Наконец, она спросила глухо:
- Ты что, не татарин, что ли?
- Татарин, - удивился я.
- Так тебе что, суннет не делали? - задала она странный, но, видимо, очень важный вопрос.
- А что это такое? - спросил я.
- Так, все с тобой ясно, - сказала Махрибан апа.
Что было ясно, я пока не понял, но спросить как-то постеснялся.
- Вот я приготовила тебе теплую воду, намылила мочалку. Я выхожу, а ты уж сам потри себе живот, ноги, ну и и эту штуку свою. Потом из этой шайки себе польешь. Воду не экономь. В сенях я тебе положила на лавку чистое белье. Майку-трусики.
И она ушла. А утром она сказала.
- Сегодня у тебя праздник. Сначала я поведу тебя к суннет-бабаю.
Я еще подумал, какое странное имя. Идти оказалось недалеко. Через два дома на лавочке сидел - тогда я подумал, что это старик - сидел мужчина в тренировочных штанах и голубой майке. И в фетровой шляпе. С важным видом читал газету "Правда".

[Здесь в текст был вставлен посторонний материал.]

(* Let $S$ be an indexical set of agents, and let $P$ be a decision protocol for an information exchange $\mathcal{E}$ and failure model $\mathcal{F}$ such that SBA($S$) is valid in $\mathcal{I}_{P,\mathcal{E},\mathcal{F}}$. Then for every agent $i$ and value $v$, the formula $\mathtt{decides}_i(v)\Rightarrow B^S_i\, CB_S\,\exists v$ is valid in $\mathcal{I}_{P,\mathcal{E},\mathcal{F}}$.
   Context: Agents $\mathrm{Agt}=\{1,\dots,n\}$; decision values $V$; actions $A_i=\{\mathtt{noop}\}\cup\{\mathtt{decide}_i(v):v\in V\}$. An information exchange $\mathcal{E}$ gives each agent $i$ a tuple $(L_i,I_i,M_i,\mu_i,\delta_i)$: local states $L_i$ of form $\langle\mathit{init}_i,\mathit{time}_i,\dots\rangle$ ($\mathit{init}_i\in V$ the initial preference), initial states $I_i$, messages $M_i\ni\bot$, $\mu_i:L_i\times A_i\to(\mathrm{Agt}\to M_i)$, $\delta_i:L_i\times A_i\times\prod_jM_j\to L_i$ (preserving $\mathit{init}_i$, incrementing $\mathit{time}_i$). A decision protocol is $P=(P_i:L_i\to A_i)_i$. A failure model $\mathcal{F}=(L^*_e,I_e,\delta_e,\mathit{Adv})$ has environment states, nonempty initial ones, update $\delta_e:L^*_e\times\prod_iA_i\to L^*_e$, and a nonempty set of adversaries $(\Delta^t,\Delta^r,\Delta^s)$ with $\Delta^t,\Delta^r:\mathbb{N}\times\mathrm{Agt}\times\mathrm{Agt}\times\bigcup_iM_i\to\bigcup_iM_i$, $\Delta^s_i:\mathbb{N}\times L_i\to L_i$ (not changing $\mathit{time}_i$). Runs $r$ of $\mathcal{I}_{P,\mathcal{E},\mathcal{F}}$: $r(0)=((s_e,\alpha),s_1,\dots,s_n)$ with $s_e\in I_e,\alpha\in\mathit{Adv},s_i\in I_i$; from $r(k)=((s_e,\alpha),s_1,\dots,s_n)$, $r(k+1)=((\delta_e(s_e,(a_1,\dots,a_n)),\alpha),s'_1,\dots,s'_n)$ where $a_i=P_i(s_i)$ (action of $i$ at time $k$), $m_{i,j}=\mu_i(s_i,a_i)(j)$, $m'_{i,j}=\Delta^r(k,i,j,\Delta^t(k,i,j,m_{i,j}))$, $s^*_j=\delta_j(s_j,a_j,(m'_{1,j},\dots,m'_{n,j}))$, $s'_j=\Delta^s_j(k,s^*_j)$. $r_i(m)$ denotes $i$'s local state; $(r,m)\sim_i(r',m')$ iff $r_i(m)=r'_i(m')$; $K_i\phi$ holds iff $\phi$ holds at all $\sim_i$-related points. An indexical set $S$ assigns a set $S(r,m)\subseteq\mathrm{Agt}$ to each point; $i\in S$ holds at $(r,m)$ iff $i\in S(r,m)$. $B^S_i\phi:=K_i(i\in S\Rightarrow\phi)$; $E^B_S\phi:=\bigwedge_{i\in S}B^S_i\phi$ (over $i\in S(r,m)$ at the point of evaluation); $CB_S\phi:=\bigwedge_{k\ge1}(E^B_S)^k\phi$. $\mathtt{decides}_i(v)$ holds at $(r,m)$ iff $P_i(r_i(m))=\mathtt{decide}_i(v)$; $\exists v$ holds at $(r,m)$ iff some agent's initial preference in $r$ is $v$. SBA($S$) is valid in the system if in every run $r$: (Unique-Decision) each agent performs a $\mathtt{decide}$ action at most once; (Simultaneous-Agreement($S$)) if $i\in S(r,m)$ performs $\mathtt{decide}_i(v)$ at time $m$ then every $j\in S(r,m)$ performs $\mathtt{decide}_j(v)$ at time $m$; (Validity($S$)) if $i\in S(r,m)$ performs $\mathtt{decide}_i(v)$ at time $m$ then some agent has initial preference $v$ in $r$. A formula is valid if it holds at all points. *)

From mathcomp Require Import all_boot.
Set Implicit Arguments.
Unset Strict Implicit.
Unset Printing Implicit Defensive.

(* Actions of agent i: noop or decide_i(v).  The agent index is implicit
   in whose protocol produces the action. *)
Inductive action (V : Type) : Type :=
| noop : action V
| decide : V -> action V.
Arguments noop {V}.

Record InfoExchange (n : nat) (V : Type) := {
  Loc : 'I_n -> Type;
  init : forall i, Loc i -> V;
  time : forall i, Loc i -> nat;
  InitL : forall i, Loc i -> Prop;
  Msg : Type;                                 (* \bigcup_i M_i *)
  bot : Msg;
  mu : forall i, Loc i -> action V -> 'I_n -> Msg;
  delta : forall i, Loc i -> action V -> ('I_n -> Msg) -> Loc i;
  delta_init : forall (i : 'I_n) (s : Loc i) a ms, init (delta s a ms) = init s;
  delta_time : forall (i : 'I_n) (s : Loc i) a ms, time (delta s a ms) = (time s).+1
}.

Section Model.
Variables (n : nat) (V : Type) (E : InfoExchange n V).

Record Adversary := {
  Dt : nat -> 'I_n -> 'I_n -> Msg E -> Msg E;
  Dr : nat -> 'I_n -> 'I_n -> Msg E -> Msg E;
  Ds : forall i, nat -> Loc E i -> Loc E i;
  Ds_time : forall (i : 'I_n) k (s : Loc E i), time (@Ds i k s) = time s
}.
Arguments Ds a i k s : clear implicits.

Record FailureModel := {
  Env : Type;
  EnvInit : Env -> Prop;
  EnvInit_ne : exists e, EnvInit e;
  deltaE : Env -> ('I_n -> action V) -> Env;
  Adv : Adversary -> Prop;
  Adv_ne : exists a, Adv a
}.

Definition protocol := forall i : 'I_n, Loc E i -> action V.

Unset Implicit Arguments.
Variable F : FailureModel.
Set Implicit Arguments.

Record gstate := {
  genv : Env F;
  gadv : Adversary;
  gloc : forall i, Loc E i
}.
Arguments gloc g i : clear implicits.

Definition run := nat -> gstate.

Definition is_run (P : protocol) (r : run) : Prop :=
  EnvInit (genv (r 0)) /\ Adv F (gadv (r 0)) /\ (forall i, InitL (gloc (r 0) i)) /\
  forall k,
    let s := r k in
    let al := gadv s in
    let a := fun i => P i (gloc s i) in
    genv (r k.+1) = deltaE (genv s) a /\
    gadv (r k.+1) = al /\
    forall j, gloc (r k.+1) j =
      Ds al j k (delta (gloc s j) (a j)
        (fun i => Dr al k i j (Dt al k i j (mu (gloc s i) (a i) j)))).

Definition formula := run -> nat -> Prop.

Definition indexical := run -> nat -> 'I_n -> Prop.

Unset Implicit Arguments.
Variable P : protocol.
Set Implicit Arguments.

Definition valid (phi : formula) : Prop :=
  forall r m, is_run P r -> phi r m.

Definition K (i : 'I_n) (phi : formula) : formula :=
  fun r m => forall r' m', is_run P r' -> gloc (r' m') i = gloc (r m) i -> phi r' m'.

Definition Bel (S : indexical) (i : 'I_n) (phi : formula) : formula :=
  K i (fun r m => S r m i -> phi r m).

Definition EB (S : indexical) (phi : formula) : formula :=
  fun r m => forall i, S r m i -> Bel S i phi r m.

Definition CB (S : indexical) (phi : formula) : formula :=
  fun r m => forall k, iter k.+1 (EB S) phi r m.

Definition decides (i : 'I_n) (v : V) : formula :=
  fun r m => P i (gloc (r m) i) = decide v.

(* Some agent's initial preference in r is v (init_j is preserved by
   transitions, so it is read off at time 0). *)
Definition exists_val (v : V) : formula :=
  fun r _ => exists j, init (gloc (r 0) j) = v.

Definition SBA (S : indexical) : Prop :=
  forall r, is_run P r ->
    (forall i m m' v v', decides i v r m -> decides i v' r m' -> m = m') /\
    (forall i m v, S r m i -> decides i v r m ->
        forall j, S r m j -> decides j v r m) /\
    (forall i m v, S r m i -> decides i v r m -> exists_val v r m).

End Model.

From mathcomp Require Import all_boot.

Set Implicit Arguments.
Unset Strict Implicit.
Unset Printing Implicit Defensive.

(* Once some member of S decides v, simultaneous agreement makes every member
   of S decide v at that point, and a member's decision is a function of its
   local state; so "some member of S decides v" implies E^B_S of itself.
   Iterating, it implies every (E^B_S)^k of validity's conclusion "exists v". *)

Section DecisionKnowledge.

Variables (n : nat) (V : Type) (E : InfoExchange n V) (F : FailureModel E).
Variables (P : protocol E) (S : indexical F).

Definition decided_in (v : V) : formula F :=
  fun r m => exists2 j, S r m j & decides P j v r m.

Lemma decides_local (i : 'I_n) (v : V) (r r' : run F) (m m' : nat) :
  gloc (r' m') i = gloc (r m) i -> decides P i v r m -> decides P i v r' m'.
Proof. by rewrite /decides => ->. Qed.

Lemma EB_mono (phi psi : formula F) :
  (forall r m, is_run P r -> phi r m -> psi r m) ->
  forall r m, EB P S phi r m -> EB P S psi r m.
Proof.
move=> phi_psi r m EBphi j Sj r' m' r'_run eq_loc Sj'.
by apply: phi_psi r'_run (EBphi j Sj r' m' r'_run eq_loc Sj').
Qed.

Hypothesis sba : SBA P S.

Lemma decided_in_exists_val (v : V) (r : run F) (m : nat) :
  is_run P r -> decided_in v r m -> exists_val v r m.
Proof.
move=> r_run [j Sj Dj].
have [_ [_ valid_v]] := sba r_run.
exact: valid_v Sj Dj.
Qed.

Lemma decided_in_EB (v : V) (r : run F) (m : nat) :
  is_run P r -> decided_in v r m -> EB P S (decided_in v) r m.
Proof.
move=> r_run [j Sj Dj] l Sl r' m' _ eq_loc Sl'.
have [_ [agree _]] := sba r_run.
by exists l => //; apply: decides_local eq_loc (agree _ _ _ Sj Dj _ Sl).
Qed.

Lemma decided_in_iter_EB (v : V) (k : nat) (r : run F) (m : nat) :
  is_run P r -> decided_in v r m -> iter k (EB P S) (exists_val v) r m.
Proof.
elim: k r m => [|k IHk] r m r_run Dv /=; first exact: decided_in_exists_val.
by apply: EB_mono IHk _ _ _; apply: decided_in_EB.
Qed.

End DecisionKnowledge.

Theorem lemma7 (n : nat) (V : Type) (E : InfoExchange n V)
  (F : FailureModel E) (P : protocol E) (S : indexical F) :
  SBA P S ->
  forall (i : 'I_n) (v : V),
    valid P (fun r m => decides P i v r m -> Bel P S i (CB P S (exists_val v)) r m).
Proof.
move=> sba i v r m _ Dv r' m' r'_run eq_loc Si k.
apply: (decided_in_iter_EB sba k.+1 r'_run).
by exists i => //; apply: decides_local eq_loc Dv.
Qed.
(* Let $\lambda_1\ge\lambda_2\ge\lambda_3\ge\lambda_4\ge0$ with $\sum_i\lambda_i=1$, and let $$\rho_{\vec\lambda}=\lambda_1\Phi_1+\lambda_2|01\rangle\langle01|+\lambda_3\Phi_2+\lambda_4|10\rangle\langle10|,\qquad \sigma_{\vec\lambda}=\sum_{j=1}^4\lambda_j\Phi_j.$$ If $1-\lambda_1-2\lambda_2\ge 0$, then there exists a non-entangling map $\Lambda:\mathcal{D}\to\mathcal{D}$ such that $\Lambda(\rho_{\vec\lambda})=\sigma_{\vec\lambda}$.
   Context: $\mathcal{D}$ is the set of two-qubit density matrices on $\mathbb{C}^2\otimes\mathbb{C}^2$ (Hermitian, positive semidefinite, trace one $4\times4$ matrices), written in the computational basis $\{|ij\rangle\}_{i,j\in\{0,1\}}$. The Bell vectors are $|\Phi_1\rangle=\frac{1}{\sqrt2}(|00\rangle+|11\rangle)$, $|\Phi_2\rangle=\frac{1}{\sqrt2}(|00\rangle-|11\rangle)$, $|\Phi_3\rangle=\frac{1}{\sqrt2}(|10\rangle+|01\rangle)$, $|\Phi_4\rangle=\frac{1}{\sqrt2}(|10\rangle-|01\rangle)$, and $\Phi_i=|\Phi_i\rangle\langle\Phi_i|$. A state is separable if it is a convex combination of product states $|\phi\rangle\langle\phi|\otimes|\chi\rangle\langle\chi|$. A map $\Lambda:\mathcal{D}\to\mathcal{D}$ is non-entangling (NE) if it is completely positive and trace preserving and maps every separable state to a separable state. *)

From HB Require Import structures.
From mathcomp Require Import all_boot all_order all_algebra.
From mathcomp Require Import reals.
From mathcomp Require Import complex mxtens.
Set Implicit Arguments.
Unset Strict Implicit.
Unset Printing Implicit Defensive.
Import Order.TTheory GRing.Theory Num.Theory.
Local Open Scope ring_scope.

Section QI.
Variable R : realType.
Local Notation C := (R[i]).

Definition adjmx {m n} (A : 'M[C]_(m, n)) : 'M[C]_(n, m) := (map_mx Num.conj A)^T.

Definition hermitian {n} (A : 'M[C]_n) : Prop := adjmx A = A.

Definition psd {n} (A : 'M[C]_n) : Prop :=
  hermitian A /\ forall v : 'cV[C]_n, 0 <= (adjmx v *m A *m v) 0 0.

Definition density {n} (A : 'M[C]_n) : Prop := psd A /\ \tr A = 1.

Definition proj {n} (v : 'cV[C]_n) : 'M[C]_n := v *m adjmx v.

Definition unit_vec {n} (v : 'cV[C]_n) : Prop := (adjmx v *m v) 0 0 = 1.

(* computational basis |ij> of C^2 (x) C^2, with index i*2+j (mxtens_index) *)
Definition ket (i j : 'I_2) : 'cV[C]_(2 * 2) :=
  delta_mx (mxtens_index (i, j)) 0.

Definition invsqrt2 : C := real_complex R (Num.sqrt (2 : R))^-1.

- Абдурахман абзый, салям алейкум!
Хозяин дома не спеша сложил газету, поздоровался и пригласил к себе во двор. Тетя очень быстро попрощалась, побежала по делам, а я остался. Старик же, оказывается, тоже не бездельничал. Весь стол во дворе был завален свежесрубленным камышом.
- Так! Как зовут? Сколько лет? - начал расспросы хозяин. Сам же разбирал и нарезал камыши.
- Десять уже.
- Ох-хох-хо! Поздновато пришел. Все-то у вас, у городских, через одно место. Не как у людей!
Тут и я спросил.
- А что вы будете делать из этих камышей - дудочки?
Это мое предположение очень развеселило хозяина дома.
- Сейчас, сейчас мы тебе очень правильную дудочку смастерим.
С этими словами он рассек стебель камыша. Один конец его стал тонким и острым. Я еще подумал, что длинноватая дудочка получается.
Абдурахман абзый как будто прочитал мои мысли и ловким ударом отсек большую часть стебля, отчего, впрочем, дудочка стала, даже наоборот, даже слишком короткая. Наверное, это специальная детская дудочка, - подумал я. А дед вдруг подсел передо мной на корточки и стал стаскивать с меня штаны.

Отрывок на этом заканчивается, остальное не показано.